Interchange Reimbursement Fees and Assessments: These are the fees the card-issuing banks and the credit card associations charge for each transaction, and they represent the largest expense merchants pay per sale and per month. Interchange fees typically consist of a percentage of each transaction accompanied by a flat per transaction fee. Examples of these non-negotiable interchange and assessment merchant account fees include: Merit 1/ecommerce/CNP fees, NABU/APF/data usage fees, Dues and assessments. Each card association publishes their interchange and assessment fees online. Flat Fees. Terminal Fees: These are charged to merchants who have physical stores, where they directly swipe a customer’s card. Payment Gateway Fees: These are similar to terminal fees, but they are applied to ecommerce businesses instead. PCI Fees: These are fees paid to the Payment Card Industry, either for noncompliance or compliance. Annual Fees: These are fees charged every year to cover the basic use of a provider’s services. Learn more here.

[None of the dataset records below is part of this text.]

Theorem mainTheorem16 (n : nat) (alpha : nat -> nat) (N ell : nat) :
  3 <= n ->
  (forall i, 2 <= i <= n.-1 -> 0 < alpha i) ->
  abs_alpha n alpha < N ->
  2 <= ell <= n ->
  exists phi : seq nat -> seq nat,
    (* phi is a bijection W^> -> W^<= *)
    (forall w, inWgt_all n alpha N w -> inWle_all n alpha N (phi w)) /\
    (forall w1 w2, inWgt_all n alpha N w1 -> inWgt_all n alpha N w2 ->
       phi w1 = phi w2 -> w1 = w2) /\
    (forall v, inWle_all n alpha N v -> exists2 w, inWgt_all n alpha N w & phi w = v) /\
    (* (1) phi maps W_k^> bijectively onto W_{k+1}^<= for 0 <= k <= L-1 *)
    (forall k, k < Lval n alpha N ->
       (forall w, inWgt n alpha N k w -> inWle n alpha N k.+1 (phi w)) /\
       (forall v, inWle n alpha N k.+1 v ->
          exists2 w, inWgt n alpha N k w & phi w = v)) /\
    (* (2) quinv' preserved *)
    (forall w, inWgt_all n alpha N w -> quinv' n alpha ell (phi w) = quinv' n alpha ell w) /\
    (* (3) subword of letters 2..n-1 preserved *)
    (forall w, inWgt_all n alpha N w -> midword n (phi w) = midword n w).
Proof.
move=> n_ge3 _ N_gt _; have n_gt1 : 1 < n := ltnW n_ge3.
have L_gt0 : 0 < Lval n alpha N by rewrite subn_gt0.
have phi_all ell' w : inWgt_all n alpha N w ->
    [/\ inWle_all n alpha N (phi n w), quinv' n alpha ell' (phi n w) = quinv' n alpha ell' w,
        midword n (phi n w) = midword n w & psi n (phi n w) = w].
  move=> [k [k_le w_gt]]; have k_lt := inWgt_lt_L k_le w_gt.
  by have [? ? ? ?] := phi_spec n_gt1 ell' k_lt w_gt; split => //; exists k.+1.
exists (phi n); split; [|split; [|split; [|split; [|split]]]].
- by move=> w /(phi_all 0) [].
- move=> w1 w2 /(phi_all 0) [_ _ _ w1_eq] /(phi_all 0) [_ _ _ w2_eq] eq12.
  by rewrite -w1_eq -w2_eq eq12.
- move=> v [[|k] [k_lt v_le]]; first by have := inWle_gt0 L_gt0 v_le.
  have [w_gt phi_psi] := psi_spec n_gt1 k_lt v_le.
  by exists (psi n v) => //; exists k; rewrite ltnW.
- move=> k k_lt; split; first by move=> w /(phi_spec n_gt1 0 k_lt) [].
  by move=> v /(psi_spec n_gt1 k_lt) [w_gt phi_psi]; exists (psi n v).
- by move=> w /(phi_all ell) [].
- by move=> w /(phi_all 0) [].
Qed.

Do I Need a Chip Card Terminal?

Do I Need a Chip Card Terminal?
“The chip cards are coming. The chip cards are coming. If you haven’t already heard, the instatement of EMV cards is imminent in the US. It’s not the end of the world if you don’t start running with the rest of the lemmings right away, but you will be at greater risk for fraud liability if you process a counterfeit chip card come October 2015. For starters, EMV stands for “Europay, MasterCard and Visa,” which set out to create world-wide standardized protocols for so-called “Integrated circuit” cards and the hardware necessary to accept these cards. This was no easy task, but by 2005 – almost a darn decade ago – chip cards became status quo in the EU. These cards are manufactured with a small integrated circuit in the card. Payment data is read from this chip instead of from the magnetic stripe. First, the chip itself is more difficult and expensive to counterfeit. Thus, while info from a magnetic stripe can be “Skimmed” easily, chip information is much more complicated to glean. While the effectiveness of EMV cards in thwarting fraud is debated, this is kind of beside the point as far as we are concerned. If you want to keep on processing cards with the magnetic stripe and say screw it to the whole EMV protocol, you are currently free to do that. You won’t lose any business, since smart cards still have a magnetic stripe as a back up. The Timeline for EMV Chip Card Liability Shift in the US.April 19, 2013 – Maestro shifted liability for international chip cards used in the US.October 1, 2015 – Visa, MasterCard, American Express and Discover liability shift for POS terminals. “But no one is using chip cards, this doesn’t even matter.” Get ready to see a massive increase in chip cards at your register as the card networks begin to implement the change. There is always the chance that no one will ever present a counterfeit chip card at your register. Let us know what you think of smart “Chip” cards, and whether you’ll be upgrading your terminal.